** Information follows **
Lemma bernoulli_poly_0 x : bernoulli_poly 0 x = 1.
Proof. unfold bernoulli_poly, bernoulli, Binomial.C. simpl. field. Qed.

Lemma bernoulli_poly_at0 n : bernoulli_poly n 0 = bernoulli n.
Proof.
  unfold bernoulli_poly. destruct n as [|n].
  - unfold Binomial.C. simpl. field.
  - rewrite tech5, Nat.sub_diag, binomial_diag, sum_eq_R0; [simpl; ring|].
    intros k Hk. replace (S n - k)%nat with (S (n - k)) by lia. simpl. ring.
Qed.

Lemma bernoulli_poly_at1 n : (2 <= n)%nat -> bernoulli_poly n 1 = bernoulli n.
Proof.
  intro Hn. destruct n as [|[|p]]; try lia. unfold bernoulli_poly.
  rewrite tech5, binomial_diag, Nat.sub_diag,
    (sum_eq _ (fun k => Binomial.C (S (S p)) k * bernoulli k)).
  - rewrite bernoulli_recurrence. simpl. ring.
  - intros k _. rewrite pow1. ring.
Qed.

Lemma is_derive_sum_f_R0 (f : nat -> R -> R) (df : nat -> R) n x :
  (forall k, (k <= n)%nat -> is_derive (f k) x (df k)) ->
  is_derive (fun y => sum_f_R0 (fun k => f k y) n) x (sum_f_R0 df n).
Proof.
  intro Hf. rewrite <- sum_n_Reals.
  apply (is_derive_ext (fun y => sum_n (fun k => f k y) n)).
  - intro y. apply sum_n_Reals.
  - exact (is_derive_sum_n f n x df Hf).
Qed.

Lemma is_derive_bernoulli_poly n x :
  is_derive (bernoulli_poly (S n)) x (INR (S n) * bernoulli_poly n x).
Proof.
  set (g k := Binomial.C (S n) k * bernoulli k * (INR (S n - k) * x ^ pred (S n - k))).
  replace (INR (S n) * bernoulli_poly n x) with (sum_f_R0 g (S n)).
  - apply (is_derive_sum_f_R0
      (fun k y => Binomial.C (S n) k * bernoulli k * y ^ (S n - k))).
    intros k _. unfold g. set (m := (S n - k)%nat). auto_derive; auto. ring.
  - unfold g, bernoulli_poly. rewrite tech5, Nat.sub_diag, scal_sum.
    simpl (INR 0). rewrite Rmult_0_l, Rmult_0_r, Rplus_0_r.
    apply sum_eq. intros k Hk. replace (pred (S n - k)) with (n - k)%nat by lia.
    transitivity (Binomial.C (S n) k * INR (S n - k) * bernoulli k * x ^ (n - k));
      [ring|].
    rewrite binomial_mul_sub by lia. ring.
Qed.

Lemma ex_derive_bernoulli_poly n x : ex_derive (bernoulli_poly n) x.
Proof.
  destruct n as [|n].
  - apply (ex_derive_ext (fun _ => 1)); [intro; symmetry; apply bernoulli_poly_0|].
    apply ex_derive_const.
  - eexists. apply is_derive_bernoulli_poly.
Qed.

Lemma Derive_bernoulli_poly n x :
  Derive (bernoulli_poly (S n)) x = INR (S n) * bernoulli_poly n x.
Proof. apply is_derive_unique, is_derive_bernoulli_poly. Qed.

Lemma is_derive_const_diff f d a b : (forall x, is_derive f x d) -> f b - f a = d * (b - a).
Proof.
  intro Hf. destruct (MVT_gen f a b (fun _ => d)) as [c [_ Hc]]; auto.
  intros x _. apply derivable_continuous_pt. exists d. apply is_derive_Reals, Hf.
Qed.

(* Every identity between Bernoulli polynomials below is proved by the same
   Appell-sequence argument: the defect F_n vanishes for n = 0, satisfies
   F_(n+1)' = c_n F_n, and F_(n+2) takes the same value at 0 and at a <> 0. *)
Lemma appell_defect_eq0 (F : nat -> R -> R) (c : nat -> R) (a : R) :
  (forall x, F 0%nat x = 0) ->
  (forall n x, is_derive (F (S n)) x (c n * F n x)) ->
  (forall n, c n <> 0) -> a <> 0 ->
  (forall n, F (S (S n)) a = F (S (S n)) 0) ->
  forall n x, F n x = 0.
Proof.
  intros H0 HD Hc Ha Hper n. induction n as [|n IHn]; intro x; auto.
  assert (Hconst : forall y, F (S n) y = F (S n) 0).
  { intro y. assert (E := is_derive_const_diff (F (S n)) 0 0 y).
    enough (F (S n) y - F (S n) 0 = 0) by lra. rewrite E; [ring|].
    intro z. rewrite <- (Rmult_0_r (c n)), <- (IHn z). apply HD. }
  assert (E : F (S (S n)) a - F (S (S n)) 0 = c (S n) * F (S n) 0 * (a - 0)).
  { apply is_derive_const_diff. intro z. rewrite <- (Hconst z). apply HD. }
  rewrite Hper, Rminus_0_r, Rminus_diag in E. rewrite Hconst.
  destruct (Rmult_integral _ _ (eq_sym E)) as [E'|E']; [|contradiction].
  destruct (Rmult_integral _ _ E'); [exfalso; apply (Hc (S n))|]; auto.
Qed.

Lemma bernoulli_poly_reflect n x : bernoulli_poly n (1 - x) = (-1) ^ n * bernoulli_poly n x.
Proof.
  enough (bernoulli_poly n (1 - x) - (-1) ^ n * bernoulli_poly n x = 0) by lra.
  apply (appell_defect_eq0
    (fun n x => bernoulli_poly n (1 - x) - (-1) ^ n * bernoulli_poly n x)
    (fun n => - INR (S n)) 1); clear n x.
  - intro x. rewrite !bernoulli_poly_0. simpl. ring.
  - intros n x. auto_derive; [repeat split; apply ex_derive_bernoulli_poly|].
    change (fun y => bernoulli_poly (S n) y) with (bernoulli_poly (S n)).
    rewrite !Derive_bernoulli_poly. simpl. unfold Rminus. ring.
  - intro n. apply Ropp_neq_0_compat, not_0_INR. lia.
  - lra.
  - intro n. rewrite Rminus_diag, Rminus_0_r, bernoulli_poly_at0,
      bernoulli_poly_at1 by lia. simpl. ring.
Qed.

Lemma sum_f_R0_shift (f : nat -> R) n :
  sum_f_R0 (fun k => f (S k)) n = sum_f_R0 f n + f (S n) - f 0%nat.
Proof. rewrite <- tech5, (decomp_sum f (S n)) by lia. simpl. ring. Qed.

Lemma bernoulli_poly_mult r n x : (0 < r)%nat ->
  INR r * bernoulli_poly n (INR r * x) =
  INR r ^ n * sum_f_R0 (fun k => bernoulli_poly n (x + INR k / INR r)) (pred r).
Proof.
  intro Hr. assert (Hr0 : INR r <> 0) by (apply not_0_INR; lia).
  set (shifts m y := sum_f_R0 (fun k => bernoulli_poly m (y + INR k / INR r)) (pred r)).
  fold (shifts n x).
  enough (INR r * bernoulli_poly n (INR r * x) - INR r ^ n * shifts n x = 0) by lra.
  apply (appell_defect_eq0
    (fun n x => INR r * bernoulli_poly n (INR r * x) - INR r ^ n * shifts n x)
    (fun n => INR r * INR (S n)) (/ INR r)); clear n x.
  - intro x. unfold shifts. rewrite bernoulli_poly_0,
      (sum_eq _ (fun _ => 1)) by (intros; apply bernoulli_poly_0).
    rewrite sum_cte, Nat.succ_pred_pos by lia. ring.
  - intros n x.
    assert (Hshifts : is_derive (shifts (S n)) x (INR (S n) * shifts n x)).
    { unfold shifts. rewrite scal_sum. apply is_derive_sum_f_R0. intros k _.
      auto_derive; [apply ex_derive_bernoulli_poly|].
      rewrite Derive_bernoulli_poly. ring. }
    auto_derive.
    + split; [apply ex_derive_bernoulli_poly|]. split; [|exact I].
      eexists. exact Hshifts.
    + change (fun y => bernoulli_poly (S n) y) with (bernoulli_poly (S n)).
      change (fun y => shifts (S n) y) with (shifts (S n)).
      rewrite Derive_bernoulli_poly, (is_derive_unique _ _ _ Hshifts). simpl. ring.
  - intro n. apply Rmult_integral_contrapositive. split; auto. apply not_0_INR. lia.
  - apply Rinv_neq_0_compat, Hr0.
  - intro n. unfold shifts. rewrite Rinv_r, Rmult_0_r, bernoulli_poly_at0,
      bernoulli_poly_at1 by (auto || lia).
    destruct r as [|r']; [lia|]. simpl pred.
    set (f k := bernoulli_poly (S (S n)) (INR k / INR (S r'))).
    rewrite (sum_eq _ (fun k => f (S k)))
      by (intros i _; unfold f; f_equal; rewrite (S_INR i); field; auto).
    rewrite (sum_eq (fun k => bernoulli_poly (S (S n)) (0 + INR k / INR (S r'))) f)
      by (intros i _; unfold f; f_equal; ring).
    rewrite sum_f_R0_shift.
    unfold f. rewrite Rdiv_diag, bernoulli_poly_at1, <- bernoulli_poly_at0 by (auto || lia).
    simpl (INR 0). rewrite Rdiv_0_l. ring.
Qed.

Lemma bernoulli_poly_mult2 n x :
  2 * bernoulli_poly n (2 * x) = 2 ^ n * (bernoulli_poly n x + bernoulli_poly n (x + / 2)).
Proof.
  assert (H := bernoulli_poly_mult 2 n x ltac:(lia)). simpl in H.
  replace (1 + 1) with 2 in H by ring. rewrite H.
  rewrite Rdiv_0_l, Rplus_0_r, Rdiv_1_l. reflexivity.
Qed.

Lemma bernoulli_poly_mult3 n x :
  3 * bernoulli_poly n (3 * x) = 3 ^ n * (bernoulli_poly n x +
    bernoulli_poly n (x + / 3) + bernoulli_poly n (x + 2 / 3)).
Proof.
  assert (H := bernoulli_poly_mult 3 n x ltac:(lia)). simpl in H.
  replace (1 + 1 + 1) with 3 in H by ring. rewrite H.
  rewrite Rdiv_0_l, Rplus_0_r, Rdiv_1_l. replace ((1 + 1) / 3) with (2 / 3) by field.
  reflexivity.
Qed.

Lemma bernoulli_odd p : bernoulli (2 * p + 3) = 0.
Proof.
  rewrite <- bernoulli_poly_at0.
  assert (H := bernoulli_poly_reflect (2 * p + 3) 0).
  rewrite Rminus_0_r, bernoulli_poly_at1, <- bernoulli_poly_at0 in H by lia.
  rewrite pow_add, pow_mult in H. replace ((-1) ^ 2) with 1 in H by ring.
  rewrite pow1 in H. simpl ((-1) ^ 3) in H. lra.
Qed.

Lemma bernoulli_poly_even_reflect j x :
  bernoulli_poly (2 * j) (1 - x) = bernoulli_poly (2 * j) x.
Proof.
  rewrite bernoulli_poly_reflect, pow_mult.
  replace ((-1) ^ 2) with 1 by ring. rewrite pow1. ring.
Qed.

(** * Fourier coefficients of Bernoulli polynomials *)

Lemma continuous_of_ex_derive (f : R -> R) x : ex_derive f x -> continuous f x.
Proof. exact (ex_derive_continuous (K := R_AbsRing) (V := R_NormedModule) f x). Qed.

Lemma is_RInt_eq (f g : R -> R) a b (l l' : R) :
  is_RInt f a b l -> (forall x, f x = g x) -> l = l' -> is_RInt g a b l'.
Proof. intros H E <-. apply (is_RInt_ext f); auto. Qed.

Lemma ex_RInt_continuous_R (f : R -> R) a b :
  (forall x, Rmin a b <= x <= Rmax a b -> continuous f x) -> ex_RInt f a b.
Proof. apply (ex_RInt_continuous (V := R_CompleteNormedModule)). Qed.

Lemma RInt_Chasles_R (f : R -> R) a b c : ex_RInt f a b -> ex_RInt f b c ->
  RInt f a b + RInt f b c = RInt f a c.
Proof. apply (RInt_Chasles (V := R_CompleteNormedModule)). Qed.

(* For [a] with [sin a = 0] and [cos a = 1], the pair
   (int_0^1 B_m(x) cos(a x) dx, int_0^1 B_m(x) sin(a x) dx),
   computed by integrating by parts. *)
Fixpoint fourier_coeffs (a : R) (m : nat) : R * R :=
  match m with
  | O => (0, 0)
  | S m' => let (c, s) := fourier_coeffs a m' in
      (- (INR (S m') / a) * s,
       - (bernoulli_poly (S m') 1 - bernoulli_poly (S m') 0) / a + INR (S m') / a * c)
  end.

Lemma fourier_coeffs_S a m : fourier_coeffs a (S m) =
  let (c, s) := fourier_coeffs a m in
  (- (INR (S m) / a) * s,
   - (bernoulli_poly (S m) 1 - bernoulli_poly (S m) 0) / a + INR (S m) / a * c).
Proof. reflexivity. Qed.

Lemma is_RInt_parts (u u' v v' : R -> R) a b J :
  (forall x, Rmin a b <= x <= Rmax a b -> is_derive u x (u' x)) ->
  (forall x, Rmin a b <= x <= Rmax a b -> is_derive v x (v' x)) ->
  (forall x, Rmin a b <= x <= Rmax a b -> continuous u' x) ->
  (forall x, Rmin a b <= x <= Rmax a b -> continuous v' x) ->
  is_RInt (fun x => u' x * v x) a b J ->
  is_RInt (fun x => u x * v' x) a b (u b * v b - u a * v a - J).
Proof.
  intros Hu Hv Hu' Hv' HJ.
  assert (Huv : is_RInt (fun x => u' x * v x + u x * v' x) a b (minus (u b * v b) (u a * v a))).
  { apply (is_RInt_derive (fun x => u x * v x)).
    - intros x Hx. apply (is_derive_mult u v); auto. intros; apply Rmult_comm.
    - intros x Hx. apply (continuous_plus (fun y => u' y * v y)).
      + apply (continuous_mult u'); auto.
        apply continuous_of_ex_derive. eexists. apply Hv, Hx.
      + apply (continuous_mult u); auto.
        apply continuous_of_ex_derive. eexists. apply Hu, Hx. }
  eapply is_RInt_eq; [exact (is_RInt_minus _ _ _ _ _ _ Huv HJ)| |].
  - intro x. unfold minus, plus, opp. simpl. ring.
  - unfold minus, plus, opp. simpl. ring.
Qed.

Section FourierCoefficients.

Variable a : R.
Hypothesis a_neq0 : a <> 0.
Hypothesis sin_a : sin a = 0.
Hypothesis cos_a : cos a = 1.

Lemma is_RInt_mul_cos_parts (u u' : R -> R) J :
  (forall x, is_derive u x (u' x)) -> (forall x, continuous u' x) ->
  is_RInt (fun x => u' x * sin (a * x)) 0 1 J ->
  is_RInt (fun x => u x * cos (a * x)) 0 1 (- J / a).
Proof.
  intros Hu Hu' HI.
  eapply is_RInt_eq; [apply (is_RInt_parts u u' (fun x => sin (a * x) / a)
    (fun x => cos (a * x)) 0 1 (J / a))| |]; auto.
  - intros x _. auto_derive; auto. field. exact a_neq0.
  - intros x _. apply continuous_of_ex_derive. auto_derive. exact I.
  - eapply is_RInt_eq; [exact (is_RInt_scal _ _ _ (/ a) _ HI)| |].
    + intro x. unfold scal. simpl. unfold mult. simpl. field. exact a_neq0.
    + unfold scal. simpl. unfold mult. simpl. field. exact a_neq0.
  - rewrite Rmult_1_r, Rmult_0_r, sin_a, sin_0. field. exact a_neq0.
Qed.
** End of Information **
** Information follows **
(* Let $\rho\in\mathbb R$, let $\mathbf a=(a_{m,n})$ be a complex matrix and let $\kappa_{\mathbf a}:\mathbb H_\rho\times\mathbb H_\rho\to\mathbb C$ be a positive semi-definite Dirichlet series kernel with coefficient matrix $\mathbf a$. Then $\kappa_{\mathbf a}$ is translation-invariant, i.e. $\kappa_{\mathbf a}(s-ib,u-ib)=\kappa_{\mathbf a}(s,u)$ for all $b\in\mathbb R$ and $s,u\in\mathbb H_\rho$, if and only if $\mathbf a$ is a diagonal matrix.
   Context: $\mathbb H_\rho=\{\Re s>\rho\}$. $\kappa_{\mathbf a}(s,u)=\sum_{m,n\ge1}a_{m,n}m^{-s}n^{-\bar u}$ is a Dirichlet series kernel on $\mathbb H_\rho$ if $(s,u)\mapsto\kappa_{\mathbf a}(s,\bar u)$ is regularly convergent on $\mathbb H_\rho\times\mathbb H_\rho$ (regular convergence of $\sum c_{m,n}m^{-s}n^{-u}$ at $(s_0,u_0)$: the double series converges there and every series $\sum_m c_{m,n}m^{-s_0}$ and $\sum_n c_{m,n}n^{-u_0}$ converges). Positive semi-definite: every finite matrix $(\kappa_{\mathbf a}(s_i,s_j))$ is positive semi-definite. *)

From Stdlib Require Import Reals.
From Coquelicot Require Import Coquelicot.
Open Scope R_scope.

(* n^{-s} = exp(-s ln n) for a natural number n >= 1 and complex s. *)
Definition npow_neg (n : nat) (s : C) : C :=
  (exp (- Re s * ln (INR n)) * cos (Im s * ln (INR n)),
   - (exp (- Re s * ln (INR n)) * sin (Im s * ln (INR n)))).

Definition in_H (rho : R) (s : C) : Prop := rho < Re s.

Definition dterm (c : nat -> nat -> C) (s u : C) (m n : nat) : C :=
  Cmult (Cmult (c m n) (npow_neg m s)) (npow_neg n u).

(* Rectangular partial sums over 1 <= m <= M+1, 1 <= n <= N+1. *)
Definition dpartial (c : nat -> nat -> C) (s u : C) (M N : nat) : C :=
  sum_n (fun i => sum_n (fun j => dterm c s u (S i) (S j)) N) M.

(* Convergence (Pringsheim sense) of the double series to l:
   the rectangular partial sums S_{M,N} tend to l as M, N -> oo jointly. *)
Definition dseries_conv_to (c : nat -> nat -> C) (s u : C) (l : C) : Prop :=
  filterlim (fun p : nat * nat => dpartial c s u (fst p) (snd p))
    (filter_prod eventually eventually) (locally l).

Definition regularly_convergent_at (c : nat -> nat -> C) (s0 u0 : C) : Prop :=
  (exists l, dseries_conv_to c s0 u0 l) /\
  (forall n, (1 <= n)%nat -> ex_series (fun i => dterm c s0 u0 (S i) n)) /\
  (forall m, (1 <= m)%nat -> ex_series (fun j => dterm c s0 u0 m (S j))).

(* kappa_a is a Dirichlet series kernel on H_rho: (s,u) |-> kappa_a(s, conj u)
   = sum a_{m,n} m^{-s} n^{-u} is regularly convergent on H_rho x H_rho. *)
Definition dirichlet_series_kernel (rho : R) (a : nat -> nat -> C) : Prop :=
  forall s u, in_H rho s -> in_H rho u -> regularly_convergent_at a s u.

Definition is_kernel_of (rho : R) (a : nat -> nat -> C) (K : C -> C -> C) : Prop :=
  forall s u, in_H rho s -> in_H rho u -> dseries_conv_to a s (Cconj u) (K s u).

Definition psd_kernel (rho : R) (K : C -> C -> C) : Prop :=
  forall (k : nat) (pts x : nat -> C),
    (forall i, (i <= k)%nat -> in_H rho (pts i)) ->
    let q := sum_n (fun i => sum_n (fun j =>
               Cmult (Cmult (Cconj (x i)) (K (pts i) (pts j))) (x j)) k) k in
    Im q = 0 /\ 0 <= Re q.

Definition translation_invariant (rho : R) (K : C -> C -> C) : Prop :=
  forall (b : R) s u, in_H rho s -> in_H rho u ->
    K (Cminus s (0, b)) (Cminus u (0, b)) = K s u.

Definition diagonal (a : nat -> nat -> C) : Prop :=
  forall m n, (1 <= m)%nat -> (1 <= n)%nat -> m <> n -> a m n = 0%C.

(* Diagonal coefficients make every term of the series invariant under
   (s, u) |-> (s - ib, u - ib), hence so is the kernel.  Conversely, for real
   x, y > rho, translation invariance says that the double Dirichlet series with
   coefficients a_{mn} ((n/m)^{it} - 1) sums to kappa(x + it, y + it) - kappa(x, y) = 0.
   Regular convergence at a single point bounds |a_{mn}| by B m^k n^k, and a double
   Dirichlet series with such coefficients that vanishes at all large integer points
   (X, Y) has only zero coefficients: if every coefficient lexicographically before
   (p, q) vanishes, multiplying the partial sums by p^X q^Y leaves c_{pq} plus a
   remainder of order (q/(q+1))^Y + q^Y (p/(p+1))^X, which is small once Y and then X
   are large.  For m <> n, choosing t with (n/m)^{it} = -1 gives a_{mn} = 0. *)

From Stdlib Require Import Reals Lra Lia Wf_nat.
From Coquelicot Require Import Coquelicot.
** End of Information **
** Information follows **
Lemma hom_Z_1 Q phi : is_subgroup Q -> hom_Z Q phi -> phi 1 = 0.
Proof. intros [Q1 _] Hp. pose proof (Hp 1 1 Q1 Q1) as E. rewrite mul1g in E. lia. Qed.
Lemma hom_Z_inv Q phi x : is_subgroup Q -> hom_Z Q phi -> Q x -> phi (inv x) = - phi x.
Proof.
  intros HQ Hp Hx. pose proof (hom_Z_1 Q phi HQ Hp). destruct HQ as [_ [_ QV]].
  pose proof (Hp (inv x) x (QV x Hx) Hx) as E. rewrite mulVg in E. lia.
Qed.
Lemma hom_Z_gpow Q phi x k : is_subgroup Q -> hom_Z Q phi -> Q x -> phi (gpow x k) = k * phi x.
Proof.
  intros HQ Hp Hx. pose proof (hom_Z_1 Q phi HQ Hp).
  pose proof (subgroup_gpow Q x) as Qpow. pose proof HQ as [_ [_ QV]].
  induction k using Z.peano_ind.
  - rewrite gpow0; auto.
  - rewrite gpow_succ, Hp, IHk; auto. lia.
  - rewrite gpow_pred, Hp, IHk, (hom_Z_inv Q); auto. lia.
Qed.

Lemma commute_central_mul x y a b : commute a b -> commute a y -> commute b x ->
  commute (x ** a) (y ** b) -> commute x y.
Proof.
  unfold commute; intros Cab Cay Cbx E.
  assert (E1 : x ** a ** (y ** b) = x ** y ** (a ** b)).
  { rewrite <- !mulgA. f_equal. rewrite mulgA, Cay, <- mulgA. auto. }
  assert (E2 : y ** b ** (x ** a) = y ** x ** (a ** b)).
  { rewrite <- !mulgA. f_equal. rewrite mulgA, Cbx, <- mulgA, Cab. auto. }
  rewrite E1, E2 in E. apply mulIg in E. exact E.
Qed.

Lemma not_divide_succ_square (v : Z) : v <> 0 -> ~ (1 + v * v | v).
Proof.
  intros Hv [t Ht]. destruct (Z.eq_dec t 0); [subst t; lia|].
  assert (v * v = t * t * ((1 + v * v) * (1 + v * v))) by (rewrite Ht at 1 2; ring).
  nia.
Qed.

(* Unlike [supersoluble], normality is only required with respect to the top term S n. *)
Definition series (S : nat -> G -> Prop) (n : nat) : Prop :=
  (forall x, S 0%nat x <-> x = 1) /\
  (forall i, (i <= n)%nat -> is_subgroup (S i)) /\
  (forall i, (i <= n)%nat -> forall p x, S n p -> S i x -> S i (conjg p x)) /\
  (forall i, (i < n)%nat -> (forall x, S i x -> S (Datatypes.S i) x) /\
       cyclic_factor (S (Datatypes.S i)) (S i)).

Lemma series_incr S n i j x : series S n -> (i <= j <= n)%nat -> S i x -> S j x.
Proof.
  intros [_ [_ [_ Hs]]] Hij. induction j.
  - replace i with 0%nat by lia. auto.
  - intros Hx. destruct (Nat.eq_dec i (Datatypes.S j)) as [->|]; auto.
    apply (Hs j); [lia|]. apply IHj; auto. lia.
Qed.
** End of Information **
Exercise brief » Every line with "that" in it should be copied from the entries above.

The answer »
   x, y > rho, translation invariance says that the double Dirichlet series with
   Dirichlet series with such coefficients that vanishes at all large integer points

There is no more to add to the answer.